In a Georgia personal injury lawsuit, you can recover against any party who was more at-fault than you were, but your damages (your financial recovery) will be reduced by a percentage that corresponds to your share of liability. In legalese, this means Georgia is a "modified comparative negligence" state.
Of course, this rule controls judge or jury awards in civil lawsuits (if you get to that stage). But before you get to that point, a car insurance claims adjuster will negotiate a settlement with an eye on Georgia's comparative fault rules. Keep in mind that because there is not a precise method to apportion fault empirically, the ultimate decision as to fault will depend on your ability to negotiate with an insurance claim adjuster, or to convince a judge or jury.
To see how this rule plays out in real life, we'll take a look at an example. Let's say you're driving a few miles-per-hour over the speed limit when another driver suddenly makes a left turn in front of you. Without enough time to stop, you collide with the other car. The other driver is found to be 80 percent at fault, but since you were speeding, the jury (or adjuster) figures that you were 20 percent at fault for the accident. If you would otherwise be entitled to a $10,000 award or settlement, it would be reduced to $8,000 based on your 20-percent share of fault.
One last note: You will not be able to recover anything at all under Georgia's modified comparative negligence rule if your share of fault for the accident meets or exceeds 50 percent.

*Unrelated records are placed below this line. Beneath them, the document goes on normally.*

Lemma kernel_quad_eq0 n m c (w : 'I_m -> seq B) :
  (forall i, size (w i) = n.+1) -> (forall i, all (mem E) (w i)) ->
  kernel_quad c w = 0 -> forall v, \sum_(i | w i == v) c i = 0.
Proof.
elim: n m c w => [|n IH] m c w sw wE Q0 v.
  have [i0 /eqP <-|none] := pickP (fun i => w i == v); last by rewrite big_pred0.
  pose x i := head 0 (w i).
  have wx i : w i = [:: x i] by move: (sw i); rewrite /x; case: (w i) => [|a []].
  have xE i : x i \in E by move: (wE i); rewrite wx /= andbT.
  have Q0' : kernel_quad c (fun i => [:: x i]) = 0.
    by rewrite -Q0; apply: eq_bigr => i _; apply: eq_bigr => j _; rewrite !mxE -!wx.
  apply: etrans (kernel_quad_singleton_eq0 xE Q0' (xE i0)).
  by apply: eq_bigl => i; rewrite !wx eqseq_cons andbT.
have [i0 /eqP <-|none] := pickP (fun i => w i == v); last by rewrite big_pred0.
pose u i := take n.+1 (w i); pose x i := nth 0 (w i) n.+1.
have wux i : w i = rcons (u i) (x i) by apply: rcons_take_nth.
have su i : size (u i) = n.+1 by rewrite size_takel // sw.
have Q0' : kernel_quad c (fun i => rcons (u i) (x i)) = 0.
  by rewrite -Q0; apply: eq_bigr => i _; apply: eq_bigr => j _; rewrite !mxE -!wux.
have xE i : x i \in E by move: (wE i); rewrite wux all_rcons => /andP[].
have uE i : all (mem E) (u i) by move: (wE i); rewrite wux all_rcons => /andP[].
apply: etrans (IH _ _ u su uE (kernel_quad_rcons_eq0 su xE Q0' (xE i0)) (u i0)).
rewrite big_mkcond [RHS]big_mkcond /=; apply: eq_bigr => i _.
rewrite !wux eqseq_rcons.
by case: (u i == u i0); case: (x i == x i0); rewrite ?mulr1 ?mulr0.
Qed.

Truck accidents have devastating effects. Having a Georgia truck accident lawyer on your side can at least ease the devastation. It doesn’t matter whether you’re hit by a truck owned by a Georgia company, or whether you’re hit by a truck belonging to an out-of-state company, you’ve been hit and you have questions.



In order to keep other drivers safe, tractor-trailer companies are regulated by the federal and state governments. The federal government’s rules are called the “Federal Motor Carrier Safety Regulations,” or “FMCSR” for short. The FMCSR apply to motor carriers operating in multiple states. Georgia has adopted essentially the same set of regulations and applied them to Georgia-only companies. Virtually all of the regulations are the same. The differences are mostly in name. For example, if a federal rule is called 49 CFR § 390.4, the Georgia rule is called “DPS 1-390.4.” The Georgia Department of Public Safety is the state agency responsible for enforcement of truck driving laws.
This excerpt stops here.